Wege zur Sicherung der Wettbewerbsfähigkeit im Maschinenbau
Sieben Thesen zur Diskussion
Gesamtmetall-Forum, Berlin, 7. Dezember 2001
Prof. Dr. Hermann Simon*
1. Wie kann es sein, dass im deutschen Maschinen- und Anlagenbau kein Geld
verdient wird? Wir haben hier eine Branche mit höchster Kompetenz, globaler
Präsenz, viele der Unternehmen sind sogar Weltmarktführer. Kürzlich
besuchte uns der Vorstand eines Zementanlagenbauers. Die Herren hatten nur
eine Frage: „Wie können wir Geld verdienen?“. Sie klagten: „Wir sind
technisch Spitze, wir haben einen guten Marktanteil, aber beim Gewinn
krebsen wir immer an der Nulllinie herum“. Hier muss doch irgendetwas faul
sein? Zwar ist die Umsatzrendite nach Steuern von 0,9% im Jahre 1993 auf
3% im Jahre 1999 gestiegen, aber was ist das schon? Es gibt einzelne, die
besser abschneiden, etwa Trumpf oder Heidelberger Druck, aber bei den
meisten sieht es düster aus.

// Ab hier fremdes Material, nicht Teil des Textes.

(* Let $\{S_i\mid i\in I\}$ be a collection of semigroups and let $F=\prod^{*}\{S_i\mid i\in I\}$ be their semigroup free product. Then $F^1$ is weakly right coherent if and only if each $S_i^1$ ($i\in I$) is weakly right coherent.
   Context: For a semigroup $S$, $S^1$ denotes $S$ if $S$ is a monoid and otherwise $S$ with an identity adjoined. A monoid $M$ is weakly right coherent (WRC) if every finitely generated right ideal of $M$ is finitely presented as a right $M$-act (known to be equivalent to: $M$ is right ideal Howson, i.e. the intersection of any two finitely generated right ideals is finitely generated, and finitely right equated, i.e. every $\mathbf{r}_M(a)=\{(s,t)\mid as=at\}$ is finitely generated as a right congruence). The semigroup free product of pairwise disjoint semigroups $S_i$ consists of sequences $s_1*\dots*s_n$ with $s_j\in\bigsqcup S_i$ and consecutive entries from different $S_i$, multiplied by concatenation, multiplying the two adjacent entries if they lie in the same $S_i$. *)

From Stdlib Require Import List ClassicalEpsilon.
From mathcomp Require Import ssreflect ssrfun ssrbool eqtype ssrnat fintype.
Set Implicit Arguments. Unset Strict Implicit. Unset Printing Implicit Defensive.

Definition is_identity {M : Type} (mul : M -> M -> M) (e : M) : Prop :=
  forall x, mul e x = x /\ mul x e = x.

Definition fg_right_ideal {M : Type} (mul : M -> M -> M) (X : M -> Prop) : Prop :=
  exists (n : nat) (a : 'I_n -> M),
    forall y, X y <-> exists (k : 'I_n) (m : M), y = mul (a k) m.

Ich war selbst zehn Jahre bei Dürr im Aufsichtsrat
und bin als Berater ständig mit diesen Problemen konfrontiert. Ich weiß,
wovon ich rede.
2. Eine unmittelbare Folge ist, dass Anlagen- und Maschinenbauunternehmen
wenig wert sind. Die Börsenbewertung ist katastrophal. Einige Beispiele:
Linde hat einen Börsenwert von 5,5 Milliarden Euro, MAN bringt 3,3
Milliarden Euro auf die Waage und Thyssen Krupp gerade einmal 8
Milliarden. Dürr wird nur mit 350 Millionen Euro bewertet, IWKA mit 330
Millionen Euro. Wohin das führt, hat man gerade am Beispiel FAG gesehen.
Warum ist Mannesmann in die Hände von Vodafone gefallen? Weil es den
Wertminderer Atecs nicht genügend schnell verkauft hat. Diese Problematik
*
Prof. Dr. Hermann Simon ist Vorsitzender der Geschäftsführung von SIMON, KUCHER &
PARTNERS Strategy & Marketing Consultants in Bonn, Boston, London, München, Paris, Tokio,
Wien und Zürich sowie Visiting Professor an der London Business School (www.simonkucher.com).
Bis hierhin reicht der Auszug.